8 responses to “There is no proof (except when the authors wants there to be)

  1. Carl, what do you think is their motive is for fighting against THR?

  2. Hard to trust anything the antis say these days.

  3. Yes, I agree: there is no proof in empirical science. But, we can “prove” some propositions. For example: Is smoking a necessary condition for lung cancer? We can prove that this proposition is false. Is smoking a sufficient condition for lung cancer? This proposition is also false. And it is because we know that these are false propositions that we do statistics. Do you agree Carl?

    • Carl V Phillips

      Well strictly speaking, no, but I do see your point. Even for necessary or sufficient, no amount of worldly research can rule out the possibility (to the level of true proof) that what we have observed can be explained by, say, measurement error (e.g., every observed case of lung cancer in a nonsmoker was an error, such that it was not really cancer or he actually smoked). That said, it is true that for a tightly drawn conditional (which is what “necessary” and “sufficient” are), as opposed to “cause” in general, that we come much closer to proof. (And I admit that “closer to proof” is a rather sketchy phrase.) Indeed, if you go a step further and phrase the measurement itself into the definition (e.g., “someone has AIDS if he meeting certain conditions of immune system failure and HIV is detected in his body“) then you have an even closer “almost proof” that HIV is a necessary cause for AIDS; it fails to be a mathematical (logical) based only on even more extreme possibilities, like “someone did indeed diagnose the HIV, but lied about it in the lab report”.

      Setting all that aside and returning to the practical, we can often rule out necessary or sufficient so compellingly with very little data, such that when we consider all the data we have, there is absolutely no room for doubt among non-crazy people. (Note: there are a lot of crazy people.) This is seldom true in epidemiology for cause in general, where some of the time the outcome occurs only because the cause was present. There are exceptions, of course. Car crashes cause trauma and cigarettes cause lung cancer — thee is no room for honest doubt, given all the evidence.

      If someone casually uses the word “proven” for things like that, it is not a problem. The problem comes when someone protests that compelling evidence is “not proof” which is always true, but conveys the (often false) message “there is room for non-crazy people to doubt this”. There is no room for non-crazy people to doubt that Swedes do not smoke much because they use snus. I would say that we are quite close to being able to say the same about e-cigarettes lowering smoking rates, though I will grant an exception for people who simply do not understand the data we have. Still, even for those who do not understand the evidence fully, the case is compelling, and so “there is no proof” is clearly a lie (a statement designed to make the reader believe something that the writer knows is not true, or is not expert enough to know whether it is true or not).

      Hey, I like that definition. I think I will add it to the tabs at that top of the blog. Amazing what a seriously sleep-deprived mind can come up with first thing in the morning.
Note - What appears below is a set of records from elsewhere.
Lemma Tcomp_side v y t : v \in S -> y \in S -> y != v -> connect (delv Gp' v) t y ->
  Tcomp s y x \subset Tcomp s' t v.
Proof.
move=> vS yS yv ct; apply/subsetP => z; rewrite !TcompE !inE => c.
apply: connect_trans ct _.
have := connect_restrict c (P := fun z => z != v) _.
move/(_ _)/connect_mono; apply.
  by move=> p q /= /and3P[pv qv e]; apply: lift_old_edge.
by move=> z' c'; apply: contraTneq c' => ->; apply: S_apart.
Qed.

Lemma Wt_cross (A : {set T}) : x \in A -> nbrGp s x != set0 -> r \in A ->
  Wt s A <= \sum_(z in A :\ x) w s' z.
Proof.
move=> xA ne rA.
have rx : r != x by have := S_alive (nbrGp_x_S (hr ne)); rewrite in_setD1 => /andP[].
have rA' : r \in A :\ x by rewrite in_setD1 rx.
rewrite /Wt (big_setD1 x xA) (big_setD1 r rA') (big_setD1 r rA') /=.
have -> : w s' r = w s r + w s x by rewrite w' (negbTE ne) eqxx mul1n.
rewrite addnCA addnA leq_add2l.
exact/leq_sum/(fun z _ => w_step_mono z).
Qed.

Section Survivor.
Variable v : T.
Hypothesis hv' : v \in alive s'.

Let hv : v \in alive s. Proof. by move: hv'; rewrite al' in_setD1 => /andP[]. Qed.
Let vx : v != x. Proof. by move: hv'; rewrite al' in_setD1 => /andP[]. Qed.

Lemma nbrGp_step : nbrGp s' v = (nbrGp s v :\ x) :|: [set t | te v t].
Proof.
apply/setP => z; rewrite !inE al' H' in_setD1.
case e: (te v z); last by rewrite !orbF andbA.
by rewrite orbT andbT; move/tree_edge_alive: e => /andP[_]; rewrite in_setD1 orbT => ->.
Qed.

Lemma deg_step_notS : v \notin S -> #|nbrG s' v| <= #|nbrG s v|.
Proof.
move=> vS; apply/subset_leq_card/subsetP => z; rewrite !inE al' E' in_setD1.
case/andP=> /andP[_ ->] /orP[->//|/tree_edge_mem[vl _]].
by move: vS; rewrite -mem_l vl.
Qed.

Lemma deg_step_S : v \in S -> #|nbrG s' v| + 1 <= #|nbrG s v| + #|[set t | te v t]|.
Proof.
move=> vS.
have xv : x \in nbrG s v.
  rewrite /nbrG inE hx (E_sym inv).
  move: vS; rewrite /S in_setU; case/orP => [/UN_prop[+ _ _]|]; first by rewrite inE => /andP[].
  by rewrite nbrGpE // => /and3P[_ _ /(H_sub_E inv)].
have sub : nbrG s' v \subset (nbrG s v :\ x) :|: [set t | te v t].
  apply/subsetP => z; rewrite !inE al' E' in_setD1 => /andP[/andP[zx za] /orP[e|e]].
    by rewrite zx za e.
  by rewrite e orbT.
rewrite (cardsD1 x (nbrG s v)) xv addnC leq_add2l.
exact: leq_trans (subset_leq_card sub) (leq_of_leqif (leq_card_setU _ _)).
Qed.

Lemma nbrGp_notin_S u : v \in S -> u \in nbrGp s v -> u \notin S.
Proof.
move=> vS hu; apply/negP => uS.
have [ux ua] : u != x /\ u \in alive s by move: (S_alive uS); rewrite in_setD1 => /andP[].
have uv : v != u by apply: contraTneq hu => <-; rewrite nbrGpE // /Gp_rel iH !andbF.
move/negP: (S_apart vS uS uv); apply.
by apply: connect1; rewrite /delv vx ux -nbrGpE.
Qed.

Lemma x_notin_Tcomp u : v \in S -> u \in nbrGp s v -> u != x -> x \notin Tcomp s u v.
Proof.
move=> vS hu ux; rewrite TcompE inE; apply/negP => c.
case: (boolP (x \in nbrGp s v)) => hxv.
  rewrite nbrGpE // in hu; rewrite nbrGpE // in hxv.
  by move: (Gp_acyclic inv hu hxv ux); rewrite c.
have vU : v \in U.
  move: vS; rewrite /S in_setU => /orP[//|]; rewrite nbrGpE // sG -nbrGpE //.
  by move=> h; rewrite h in hxv.
have [_ + _] := UN_prop vU.
have -> : cid s v = cid s u by apply: (cid_Gp inv); rewrite -nbrGpE.
by rewrite (cid_connect (connect_delv c)) eqxx.
Qed.
Lemma mem_rhoP s t x :
  reflect (exists2 i, i < rho_len s t & x = (s ^+ i)%g t) (x \in rho s t).
Proof.
apply: (iffP imsetP) => [[i _ ->]|[i lt_ik ->]]; first by exists i.
by exists (Ordinal lt_ik).
Qed.

Lemma rho_ge s t x : x \in rho s t -> (t <= x)%O.
Proof. by case/mem_rhoP => i lt_ik ->; apply: le_before_rho_len. Qed.

Lemma permX_modn s x l j : (s ^+ l)%g x = x -> (s ^+ j)%g x = (s ^+ (j %% l))%g x.
Proof.
move=> fix_x; rewrite {1}(divn_eq j l) expgD permM mulnC expgM.
congr ((s ^+ _)%g _); elim: (j %/ l) => [|q IH]; first by rewrite expg0 perm1.
by rewrite expgS permM fix_x.
Qed.

Lemma porbit_ge_of_return s t : (s ^+ rho_len s t)%g t = t ->
  {in porbit s t, forall y, (t <= y)%O}.
Proof.
move=> ret y /porbitP[j ->]; rewrite (permX_modn _ ret).
by apply: le_before_rho_len; rewrite ltn_mod rho_len_gt0.
Qed.

Lemma permVX_le s x i j :
  i <= j -> ((s^-1) ^+ i)%g ((s ^+ j)%g x) = (s ^+ (j - i))%g x.
Proof. by move=> le_ij; rewrite -{1}(subnK le_ij) expgD permM expVgn permK. Qed.

Lemma permVX_ge s x i j :
  j <= i -> ((s^-1) ^+ i)%g ((s ^+ j)%g x) = ((s^-1) ^+ (i - j))%g x.
Proof.
by move=> le_ji; rewrite -{1}(subnK le_ji) addnC expgD permM (expVgn s j) permK.
Qed.

End FirstReturn.

Section CycleMinima.
Variables (d : Order.disp_t) (T : finOrderType d) (w : {perm T}).
Implicit Types (t b : T).

Lemma UsetPn t : reflect {in porbit w t, forall y, (t <= y)%O} (t \notin Uset w).
Proof. by rewrite inE negbK; apply: forall_inP. Qed.

Lemma lambda_lt t : t \in Uset w -> (lambda w t < t)%O.
Proof.
move=> tU; rewrite /lambda lt_neqAle rho_len_le andbT.
apply: contraTneq tU => ret; apply/UsetPn => y; rewrite -porbitV.
exact: porbit_ge_of_return.
Qed.

Lemma lambda_id t : t \notin Uset w -> lambda w t = t.
Proof.
move/UsetPn=> tmin; apply/le_anti.
by rewrite rho_len_le tmin // -(porbitV w) mem_porbit.
Qed.

Lemma rho_backward_walk t b : t \in Uset w -> b \in rho w t ->
  exists m, [/\ ((w^-1) ^+ m)%g b = lambda w t,
                forall i, i < m -> (t <= ((w^-1) ^+ i)%g b)%O &
                exists2 i, i < m & ((w^-1) ^+ i)%g b = t].
Proof.
move=> tU /mem_rhoP[q lt_qk ->]; exists (q + rho_len (w^-1)%g t); split.
- by rewrite permVX_ge ?leq_addr // addKn.
- move=> i lt_im; have [le_iq|lt_qi] := leqP i q.
    by rewrite permVX_le // le_before_rho_len // (leq_ltn_trans (leq_subr _ _)).
  by rewrite permVX_ge ?(ltnW lt_qi) // le_before_rho_len // ltn_subLR ?(ltnW lt_qi).
- exists q; first by rewrite -{1}(addn0 q) ltn_add2l rho_len_gt0.
  by rewrite permVX_le // subnn expg0 perm1.
Qed.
      Oh, also I am defining “crazy person” to include anyone whose weight on their prior is 100% (to put it in Bayesian terms), also known as derp (to put it in the terms of the day).

  4. And I agree unreservedly with your first paragraph. It is for these reasons (among others) that I put the word “prove” in quotes. More: in science we need to agree about what we are measuring, and we also need to agree on what is a proof. Even in mathematics and logic we have different concepts of what constitutes a proof. Regarding the remaining paragraphs, I have some minor disagreements, but it’s a long story (regimes of truth, etc.). Great post Carl.